#### [Exercise requirements]
Return exactly the lines of the records below, starting at the line that contains "by exists c => //; rewrite pairing_diag // pac" and ending at the line that contains "(* C^k_BGN on", with both of those lines kept.

(Saved data entries)
=== Begin Enclosure ===

Let pairing_offdiag {a c} : ~ is_limit a -> ~ is_limit c -> (a < G a)%O = (c < G c)%O ->
  a <> c -> pairing c a = 0 \/ pairing a c = 0.
Proof.
move=> na nc same_side ac; rewrite !pairingE // !f_phi //.
have /negbTE -> : c != a by apply/eqP => E; apply: ac.
have /negbTE -> : a != c by apply/eqP.
rewrite !add0r; have [fa | /f_Some /(U_beyond na) bac] := eqVneq (f a (Some c)) 0.
  by left; rewrite fa mulr0.
have [fc | /f_Some /(U_beyond nc) bca] := eqVneq (f c (Some a)) 0.
  by right; rewrite fc mulr0.
by move: bca; rewrite -same_side; move/negP: (beyond_asym bac).
Qed.

Let side b := [set a | ~ is_limit a /\ (a < G a)%O = b].

Let side_uncountable : exists b, ~ countable (side b).
Proof.
apply: contrapT => /forallNP cside; apply: (nonlimit_uncountable omega1W).
apply: sub_countable (countable_setU (contrapT (cside true)) (contrapT (cside false))).
by apply: subset_card_le => a na; case E : (a < G a)%O; [left | right].
Qed.

Let row_gap {b a c} : side b a -> side b c -> a <> c ->
  exists2 k, ~ is_limit k & 1 <= `|pairing a k - pairing c k|.
Proof.
move=> [na <-] [nc sc] ac; case: (pairing_offdiag na nc (esym sc) ac) => [pca | pac].
  by exists a => //; rewrite pairing_diag // pca subr0 normr1.
by exists c => //; rewrite pairing_diag // pac sub0r normrN normr1.
Qed.

Let col_gap {b a c} : side b a -> side b c -> a <> c ->
  exists2 k, ~ is_limit k & 1 <= `|pairing k a - pairing k c|.
Proof.
move=> [na <-] [nc sc] ac; case: (pairing_offdiag na nc (esym sc) ac) => [pca | pac].
  by exists c => //; rewrite pairing_diag // pca sub0r normrN normr1.
by exists a => //; rewrite pairing_diag // pac subr0 normr1.
Qed.
Record space (F : finFieldType) := Space {
  pt :> Type;
  padd : pt -> pt -> pt;
  pscale : laurent F -> pt -> pt;
  pdist : pt -> pt -> R
}.

Definition Kspace (F : finFieldType) : space F :=
  @Space F (laurent F) (@Ladd F) (@Lmul F) (@Ldist F).

Definition prod3 (F : finFieldType) (E : space F) : space F :=
  @Space F (E * E * laurent F)
    (fun p q => (padd p.1.1 q.1.1, padd p.1.2 q.1.2, Ladd p.2 q.2))
    (fun s p => (pscale s p.1.1, pscale s p.1.2, Lmul s p.2))
    (fun p q => Rmax (Rmax (pdist p.1.1 q.1.1) (pdist p.1.2 q.1.2)) (Ldist p.2 q.2)).

Definition cont_on (F : finFieldType) (E : space F) (A : E -> Prop)
    (h : E -> laurent F) : Prop :=
  forall p, A p -> forall eps : R, (0 < eps)%R -> exists del : R, (0 < del)%R /\
    forall p', A p' -> (pdist p p' < del)%R -> (Ldist (h p) (h p') < eps)%R.

Definition U1 (F : finFieldType) (E : space F) (U : E -> Prop) : prod3 E -> Prop :=
  fun p => U p.1.1 /\ U (padd p.1.1 (pscale p.2 p.1.2)).

Definition diffq (F : finFieldType) (E : space F) (g : E -> laurent F) :
    prod3 E -> laurent F :=
  fun p => Lmul (Linv p.2) (Lsub (g (padd p.1.1 (pscale p.2 p.1.2))) (g p.1.1)).

(* C^k_BGN on U (k >= 1; CBGN 0 is mere continuity, used only as base case):
   C^(k+1) : g continuous, g^]1[ has a continuous extension g^[1] on U^[1],
   and g^[1] is C^k on U^[1]. *)
Fixpoint CBGN (F : finFieldType) (k : nat) (E : space F) (U : E -> Prop)
    (g : E -> laurent F) {struct k} : Prop :=
  match k with
  | 0 => cont_on U g
  | k'.+1 => cont_on U g /\
      exists G : prod3 E -> laurent F,
        (forall p, U1 U p -> p.2 <> Lzero F -> G p = diffq g p) /\
        cont_on (U1 U) G /\
        CBGN k' (U1 U) G
  end.

(* A point (x, xi_1..xi_k, t_1..t_k) is encoded as x together with the list
   [:: (xi_k,t_k); ...; (xi_1,t_1)] (last pair at the head). *)

Fixpoint Phibar (F : finFieldType) (U : laurent F -> Prop) (x : laurent F)
    (ps : seq (laurent F * laurent F)) : Prop :=
  match ps with
  | [::] => U x
  | (xi, t) :: ps' => Phibar U x ps' /\ Phibar U (Ladd x (Lmul t xi)) ps'
  end.

Fixpoint ldist (F : finFieldType) (ps qs : seq (laurent F * laurent F)) : R :=
  match ps, qs with
  | (a, b) :: ps', (c, d) :: qs' => Rmax (Rmax (Ldist a c) (Ldist b d)) (ldist ps' qs')
  | _, _ => 0%R
  end.

(* G x ps (with size ps = j) plays the role of Phibar_j(g); G x [::] = g x. *)
Definition CLud (F : finFieldType) (k : nat) (U : laurent F -> Prop)
    (g : laurent F -> laurent F) : Prop :=
  cont_on (E := Kspace F) U g /\
  exists G : laurent F -> seq (laurent F * laurent F) -> laurent F,
    (forall x, U x -> G x [::] = g x) /\
    forall j : nat, (1 <= j <= k)%nat ->
      (forall x xi t ps, size ps = j.-1 -> Phibar U x ((xi, t) :: ps) -> t <> Lzero F ->
         G x ((xi, t) :: ps) =
         Lmul (Linv t) (Lsub (G (Ladd x (Lmul t xi)) ps) (G x ps))) /\
      (forall x ps, size ps = j -> Phibar U x ps ->
         forall eps : R, (0 < eps)%R -> exists del : R, (0 < del)%R /\
           forall x' ps', size ps' = j -> Phibar U x' ps' ->
             (Rmax (Ldist x x') (ldist ps ps') < del)%R ->
             (Ldist (G x ps) (G x' ps') < eps)%R).

Definition CLud_inf (F : finFieldType) (U : laurent F -> Prop)
    (g : laurent F -> laurent F) : Prop :=
  forall k, CLud k U g.

From Pilot Require Import Defs.
From mathcomp Require Import all_boot all_algebra zify.
From Stdlib Require Import ZArith Reals Lia Lra.
From Stdlib Require Import ClassicalEpsilon Classical FunctionalExtensionality ProofIrrelevance.

Set Implicit Arguments.
Unset Strict Implicit.
Unset Printing Implicit Defensive.
Import GRing.Theory.

(* f is additive, so its difference quotient at (x, xi, t) is t^-1 f(t xi), independent of x.
   Since f multiplies valuations by about 3/2, |t^-1 f(t xi)| is at most a constant times
   |t|^(1/2) |xi|^(3/2), so it tends to 0 with t: Phibar_1(f)(x, xi, t) := t^-1 f(t xi),
   extended by 0 at t = 0, is continuous, and all Phibar_j(f) with j >= 2 vanish, so f is C^oo
   in Ludkovsky's sense.  In the BGN sense, f^[1](0, 1, X^n) = X^([3n/2] - n) forces
   f^[1](0, 1, 0) = 0, and then the difference quotient of f^[1] at (0, 1, 0) in direction
   (0, 0, 1) with step X^n is X^([3n/2] - 2n), which diverges: f^[1] is not C^1. *)

Section LaurentSeries.
Variable F : finFieldType.
Local Open Scope ring_scope.
Implicit Types (a b t xi : laurent F) (N : Z).

Lemma laurent_ext a b : (forall k, coef a k = coef b k) -> a = b.
Proof.
case: a b => ca pa [cb pb] /= eq_ab.
have eq_c : ca = cb by apply: functional_extensionality.
by subst cb; f_equal; apply: proof_irrelevance.
Qed.

Lemma coef_Ladd a b k : coef (Ladd a b) k = coef a k + coef b k. Proof. by []. Qed.
Lemma coef_Lsub a b k : coef (Lsub a b) k = coef a k - coef b k. Proof. by []. Qed.

Lemma Ladd_0l a : Ladd (Lzero F) a = a.
Proof. by apply: laurent_ext => k; rewrite coef_Ladd add0r. Qed.

Lemma Ladd_0r a : Ladd a (Lzero F) = a.
Proof. by apply: laurent_ext => k; rewrite coef_Ladd addr0. Qed.

Lemma Lsub_0r a : Lsub a (Lzero F) = a.
Proof. by apply: laurent_ext => k; rewrite coef_Lsub subr0. Qed.

Lemma Lsubrr a : Lsub a a = Lzero F.
Proof. by apply: laurent_ext => k; rewrite coef_Lsub subrr. Qed.

Definition vanish a (v : Z) := forall k, (k < v)%Z -> coef a k = 0.
Definition agree N a b := forall k, (k <= N)%Z -> coef a k = coef b k.
Definition is_val a (v : Z) := coef a v <> 0 /\ vanish a v.

Lemma vanish_lb a : vanish a (lb a).
Proof. exact: lbP. Qed.

Lemma vanish0 v : vanish (Lzero F) v.
Proof. by []. Qed.

Lemma agree_le M N a b : (M <= N)%Z -> agree N a b -> agree M a b.
Proof. by move=> le_MN ab k le_k; apply: ab; lia. Qed.

Lemma agree_sym N a b : agree N a b -> agree N b a.
Proof. by move=> ab k /ab. Qed.

Lemma agree_trans N a b c : agree N a b -> agree N b c -> agree N a c.
Proof. by move=> ab bc k le_k; rewrite ab ?bc. Qed.

Lemma agree_vanish N a b v : agree N a b -> vanish a v -> (v <= N + 1)%Z -> vanish b v.
Proof. by move=> ab va le_v k lt_k; rewrite -ab ?va //; lia. Qed.

Lemma is_val_ex a : a <> Lzero F -> exists v, is_val a v.
Proof.
move=> a_neq0.
have [k ak] : exists k, coef a k <> 0.
  apply: NNPP => all0; apply: a_neq0; apply: laurent_ext => k.
  by apply: NNPP => ak; apply: all0; exists k.
have ex_m : exists m, coef a (lb a + Z.of_nat m)%Z != 0.
  have [lt_k|le_k] := Z.lt_ge_cases k (lb a); first by rewrite vanish_lb in ak.
  exists (Z.to_nat (k - lb a)); apply/eqP.
  by have -> : (lb a + Z.of_nat (Z.to_nat (k - lb a)))%Z = k by lia.
case: (ex_minnP ex_m) => m /eqP am min_m.
exists (lb a + Z.of_nat m)%Z; split=> // i lt_i.
have [lt_lb|ge_lb] := Z.lt_ge_cases i (lb a); first exact: vanish_lb.
have := min_m (Z.to_nat (i - lb a)).
have -> : (lb a + Z.of_nat (Z.to_nat (i - lb a)))%Z = i by lia.
by case: (coef a i =P 0) => // _ /(_ isT); lia.
Qed.

Lemma sum_window (T : Z -> F) (al g : Z) (M K : nat) :
  (g <= al)%Z -> (al + Z.of_nat M <= g + Z.of_nat K)%Z ->
  (forall i, (i < al)%Z -> T i = 0) -> (forall i, (al + Z.of_nat M <= i)%Z -> T i = 0) ->
  \sum_(j < M) T (al + Z.of_nat j)%Z = \sum_(j < K) T (g + Z.of_nat j)%Z.
Proof.
move=> le_g le_K T_lo T_hi; pose d := Z.to_nat (al - g).
have -> : K = (d + (M + (K - (d + M))))%nat by rewrite /d; lia.
rewrite !big_split_ord /= [\sum_(i < d) _]big1 => [|j _]; last first.
  by apply: T_lo; have := ltn_ord j; rewrite /d; lia.
rewrite [\sum_(i < K - _) _]big1 => [|j _]; last by apply: T_hi; rewrite /d; lia.
by rewrite add0r addr0; apply: eq_bigr => j _; congr T; rewrite /d; lia.
Qed.

Lemma coef_Lmul_window a b al be n : vanish a al -> vanish b be ->
  coef (Lmul a b) n = \sum_(j < Z.to_nat (n - al - be + 1))
    coef a (al + Z.of_nat j)%Z * coef b (n - (al + Z.of_nat j))%Z.
Proof.
move=> va vb; rewrite /= /Lmul_coef.
pose T i := coef a i * coef b (n - i)%Z.
have T_lo c : vanish a c -> forall i, (i < c)%Z -> T i = 0.
  by move=> vc i /vc; rewrite /T => ->; rewrite mul0r.
have T_hi c : vanish b c -> forall i, (n - c < i)%Z -> T i = 0.
  by move=> vc i lt_i; rewrite /T vc ?mulr0 //; lia.
pose g := Z.min al (lb a).
pose K := Z.to_nat (Z.abs al + Z.abs (lb a) + Z.abs n + Z.abs be + Z.abs (lb b) + 1).
rewrite (@sum_window T (lb a) g _ K) ?(@sum_window T al g _ K) //;
  try (rewrite /g /K; lia).
- exact: T_lo.
- by move=> i ?; apply: (T_hi _ vb); lia.
- exact: (T_lo _ (@vanish_lb a)).
- by move=> i ?; apply: (T_hi _ (@vanish_lb b)); lia.
Qed.

Lemma Lmul_vanish a b al be : vanish a al -> vanish b be -> vanish (Lmul a b) (al + be).
Proof.
move=> va vb n lt_n; rewrite (coef_Lmul_window n va vb).
have -> : Z.to_nat (n - al - be + 1) = 0%nat by lia.
by rewrite big_ord0.
Qed.

Lemma Lmul_0l a : Lmul (Lzero F) a = Lzero F.
Proof. by apply: laurent_ext => k; rewrite /= /Lmul_coef big1 // => j _; rewrite mul0r. Qed.

Lemma Lmul_0r a : Lmul a (Lzero F) = Lzero F.
Proof. by apply: laurent_ext => k; rewrite /= /Lmul_coef big1 // => j _; rewrite mulr0. Qed.

Lemma Lmul_cont a0 b0 N : exists M, forall a b,
  agree M a0 a -> agree M b0 b -> agree N (Lmul a0 b0) (Lmul a b).
Proof.
exists (Z.abs N + Z.abs (lb a0) + Z.abs (lb b0))%Z => a b aa bb n le_n.
have va := agree_vanish aa (@vanish_lb a0) ltac:(lia).
have vb := agree_vanish bb (@vanish_lb b0) ltac:(lia).
rewrite (coef_Lmul_window n (@vanish_lb a0) (@vanish_lb b0)) (coef_Lmul_window n va vb).
by apply: eq_bigr => j _; have lt_j := ltn_ord j; rewrite aa ?bb //; lia.
Qed.

Lemma mono_lb (m : Z) : exists N, forall k, (k < N)%Z -> (if (k =? m)%Z then 1 else 0 : F) = 0.
Proof. by exists m => k lt_k; case: Z.eqb_spec => //; lia. Qed.

Definition mono (m : Z) : laurent F := Laurent (mono_lb m).

Lemma coef_mono m k : coef (mono m) k = if (k =? m)%Z then 1 else 0.
Proof. by []. Qed.

Lemma mono_vanish m : vanish (mono m) m.
Proof. by move=> k lt_k; rewrite coef_mono; case: Z.eqb_spec => //; lia. Qed.

Lemma mono_is_val m : is_val (mono m) m.
Proof.
by split; [rewrite coef_mono Z.eqb_refl; apply/eqP; exact: oner_neq0 | exact: (@mono_vanish m)].
Qed.

Lemma Lone_mono : Lone F = mono 0.
Proof. exact: laurent_ext. Qed.

Lemma coef_Lmul_mono m b n : coef (Lmul (mono m) b) n = coef b (n - m).
Proof.
rewrite (coef_Lmul_window n (@mono_vanish m) (@vanish_lb b)).
case eq_M: (Z.to_nat (n - m - lb b + 1)) => [|M].
  by rewrite big_ord0 vanish_lb //; lia.
rewrite big_ord_recl big1 => [|j _]; last first.
  by rewrite lift0 coef_mono; case: Z.eqb_spec; [lia | rewrite mul0r].
by rewrite coef_mono /= Z.add_0_r Z.eqb_refl mul1r addr0.
Qed.

Lemma Lmul_mono m m' : Lmul (mono m) (mono m') = mono (m + m').
Proof.
apply: laurent_ext => k; rewrite coef_Lmul_mono !coef_mono.
by do 2 case: Z.eqb_spec => //; lia.
Qed.

Lemma mono_agree N m m' : agree N (mono m) (mono m') -> (m <= N)%Z -> m = m'.
Proof.
move=> /(_ m) mm' le_m; move: (mm' le_m); rewrite !coef_mono Z.eqb_refl.
by case: Z.eqb_spec => // _ /eqP; rewrite oner_eq0.
Qed.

=== End Enclosure ===

#### [Solution]
by exists c => //; rewrite pairing_diag // pac sub0r normrN normr1.
Qed.

Let col_gap {b a c} : side b a -> side b c -> a <> c ->
  exists2 k, ~ is_limit k & 1 <= `|pairing k a - pairing k c|.
Proof.
move=> [na <-] [nc sc] ac; case: (pairing_offdiag na nc (esym sc) ac) => [pca | pac].
  by exists c => //; rewrite pairing_diag // pca sub0r normrN normr1.
by exists a => //; rewrite pairing_diag // pac subr0 normr1.
Qed.
Record space (F : finFieldType) := Space {
  pt :> Type;
  padd : pt -> pt -> pt;
  pscale : laurent F -> pt -> pt;
  pdist : pt -> pt -> R
}.

Definition Kspace (F : finFieldType) : space F :=
  @Space F (laurent F) (@Ladd F) (@Lmul F) (@Ldist F).

Definition prod3 (F : finFieldType) (E : space F) : space F :=
  @Space F (E * E * laurent F)
    (fun p q => (padd p.1.1 q.1.1, padd p.1.2 q.1.2, Ladd p.2 q.2))
    (fun s p => (pscale s p.1.1, pscale s p.1.2, Lmul s p.2))
    (fun p q => Rmax (Rmax (pdist p.1.1 q.1.1) (pdist p.1.2 q.1.2)) (Ldist p.2 q.2)).

Definition cont_on (F : finFieldType) (E : space F) (A : E -> Prop)
    (h : E -> laurent F) : Prop :=
  forall p, A p -> forall eps : R, (0 < eps)%R -> exists del : R, (0 < del)%R /\
    forall p', A p' -> (pdist p p' < del)%R -> (Ldist (h p) (h p') < eps)%R.

Definition U1 (F : finFieldType) (E : space F) (U : E -> Prop) : prod3 E -> Prop :=
  fun p => U p.1.1 /\ U (padd p.1.1 (pscale p.2 p.1.2)).

Definition diffq (F : finFieldType) (E : space F) (g : E -> laurent F) :
    prod3 E -> laurent F :=
  fun p => Lmul (Linv p.2) (Lsub (g (padd p.1.1 (pscale p.2 p.1.2))) (g p.1.1)).

(* C^k_BGN on U (k >= 1; CBGN 0 is mere continuity, used only as base case):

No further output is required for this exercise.